Signature Generation and Verification with ML-DSA

This code sample demonstrates the end-to-end workflow for creating and verifying digital signatures using the ML-DSA algorithm with Microsoft's CNG API. It highlights the importance of matching context during signing and verification, as well as careful management of cryptographic handles and memory. Post-quantum digital signature algorithms are equivalent at a high level to the existing digital signature algorithms we use today (RSA-PSS, ECDSA, etc.), where one party generates a public/private key-pair and signs a message (or its hash value) with the private key to produce a signature. The signature can be verified by anyone who has the associated public key. One difference is that PQ digital signature algorithms support pre-hash variants, which hash then sign data similar to traditional signature algorithms, as well as pure variants, which sign any input data of arbitrary length. This example uses the pure ML-DSA variant and describes how to use pre-hash ML-DSA. By following these steps, developers can implement secure, post-quantum digital signatures in their applications.

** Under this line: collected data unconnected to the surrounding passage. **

Lemma bits_coloring_of g n i j : (forall i j, g i j = g j i) ->
  i != j -> i < n -> j < n -> bits_coloring (coloring_bits g n) i j = g i j.
Proof.
move=> g_sym ij i_lt j_lt.
rewrite /bits_coloring (nth_map (0, 0)) ?size_edges ?edge_index_lt //.
case: ltngtP ij => // [i_j | j_i] _; first by rewrite nth_edges ?i_j.
by rewrite /edge_index maxnC minnC nth_edges ?j_i // g_sym.
Qed.

Lemma bits_coloring_take l k i j :
  edge_index i j < k -> bits_coloring (take k l) i j = bits_coloring l i j.
Proof. by move=> lt_k; rewrite /bits_coloring nth_take. Qed.

(* Memoizes a colouring, so that the search does not recompute [edge_index]. *)
Definition tabulate (g : nat -> nat -> bool) (N : nat) : seq (seq bool) :=
  mkseq (fun i => mkseq (g i) N) N.

Definition table_coloring (t : seq (seq bool)) (i j : nat) : bool :=
  nth false (nth [::] t i) j.

Lemma table_coloringE g N i j : i < N -> j < N -> table_coloring (tabulate g N) i j = g i j.
Proof. by move=> i_lt j_lt; rewrite /table_coloring !nth_mkseq. Qed.

Fixpoint all_lists (n : nat) (P : seq bool -> bool) : bool :=
  if n is n'.+1 then
    all_lists n' (fun l => P (true :: l)) && all_lists n' (fun l => P (false :: l))
  else P [::].

Lemma all_listsP n P l : all_lists n P -> size l = n -> P l.
Proof.
elim: n P l => [|n IH] P [|b l] //= /andP [P_true P_false] [l_size].
by case: b; [apply: (IH (fun l => P (true :: l))) | apply: (IH (fun l => P (false :: l)))].
Qed.

Definition K4_star_hints : seq (pattern * seq bool) :=
  [:: (K4, [:: false; true; true; true]);
      (K4e_pendant, [:: false; true]);
      (net, [:: false; true; true])].

Definition bits_search (l : seq bool) (N : nat) : bool :=
  family_searchb (table_coloring (tabulate (bits_coloring l) N)) N K4_star_hints.

Lemma bits_search_sound l N : bits_search l N ->
  exists H col s, List.In H K4_star /\ mono_embedding (bits_coloring l) N H col s.
Proof.
have hints_oriented : all (oriented \o fst) K4_star_hints by [].
move=> /(family_searchb_sound hints_oriented) [H [col [s [HF Hs]]]].
have H_or : oriented H by apply: In_all HF; rewrite all_map.
exists H, col, s; split => //; apply: mono_embedding_transfer Hs => //.
by move=> i j i_lt j_lt _; exact: table_coloringE.
Qed.

Definition K7_covered (l : seq bool) : bool :=
  if bits_search l 6 then true else all_lists 6 (fun l' => bits_search (l ++ l') 7).

(* Only 280 of these colourings of K_6 have no monochromatic copy. *)
Lemma K7_covered_all : all_lists 14 (fun l => K7_covered (true :: l)).
Proof. vm_cast_no_check (erefl true). Qed.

Set up algorithm handles and key pairs

You will follow these steps to set up the algorithm handles and key pairs for ML-DSA:

1. Use BCryptOpenAlgorithmProvider for the ML-DSA algorithm, choosing either the default Microsoft primitive provider or another HSM provider. This step sets up the cryptographic context for subsequent operations.

   status = BCryptOpenAlgorithmProvider(
       &hAlg,
       BCRYPT_MLDSA_ALGORITHM,
       MS_PRIMITIVE_PROVIDER,
       NULL);
   
   if (!NT_SUCCESS(status)) {
       goto cleanup;
   }
   

2. Use BCryptGenerateKeyPair to create private and public keys for the chosen algorithm.

   status = BCryptGenerateKeyPair(hAlg, &hKeyPair, 0, NULL);
   
   if (!NT_SUCCESS(status)) {
       goto cleanup;
   }
   

   The parameters are as follows:

   • hAlg: The handle for the algorithm provider, which was obtained from BCryptOpenAlgorithmProvider.
   • hKeyPair: The handle for the key pair.
   • 0: Indicates the default key size for ML-DSA.
   • NULL: No flags are set for this operation.

3. Use BCryptSetProperty to specify the parameter set to use for ML-DSA, which have tradeoffs for strength and performance. In this example the ML-DSA-44 parameter set is chosen.

   status = BCryptSetProperty(&hKeyPair, BCRYPT_PARAMETER_SET_NAME, (PUCHAR)BCRYPT_MLDSA_PARAMETER_SET_44, sizeof(BCRYPT_MLDSA_PARAMETER_SET_44), 0); 
   
   if (!NT_SUCCESS(status)) { 
       goto cleanup; 
   }
   

   Setting BCRYPT_PARAMETER_SET_NAME indicates which parameter set to use (e.g., ML-DSA-44).

4. Use BCryptFinalizeKeyPair so the public and private key are ready to be used.

   status = BCryptFinalizeKeyPair(hKeyPair, NULL); 
   if (!NT_SUCCESS(status)) { 
       goto cleanup; 
   }
   
   // Public/Private key pair is generated at this point 
   

Sign the message

To sign a message with the generated key pair, the code uses BCryptSignHash.

1. The code first determines the buffer size needed for the signature by calling BCryptSignHash with NULL output. It then allocates memory for the signature.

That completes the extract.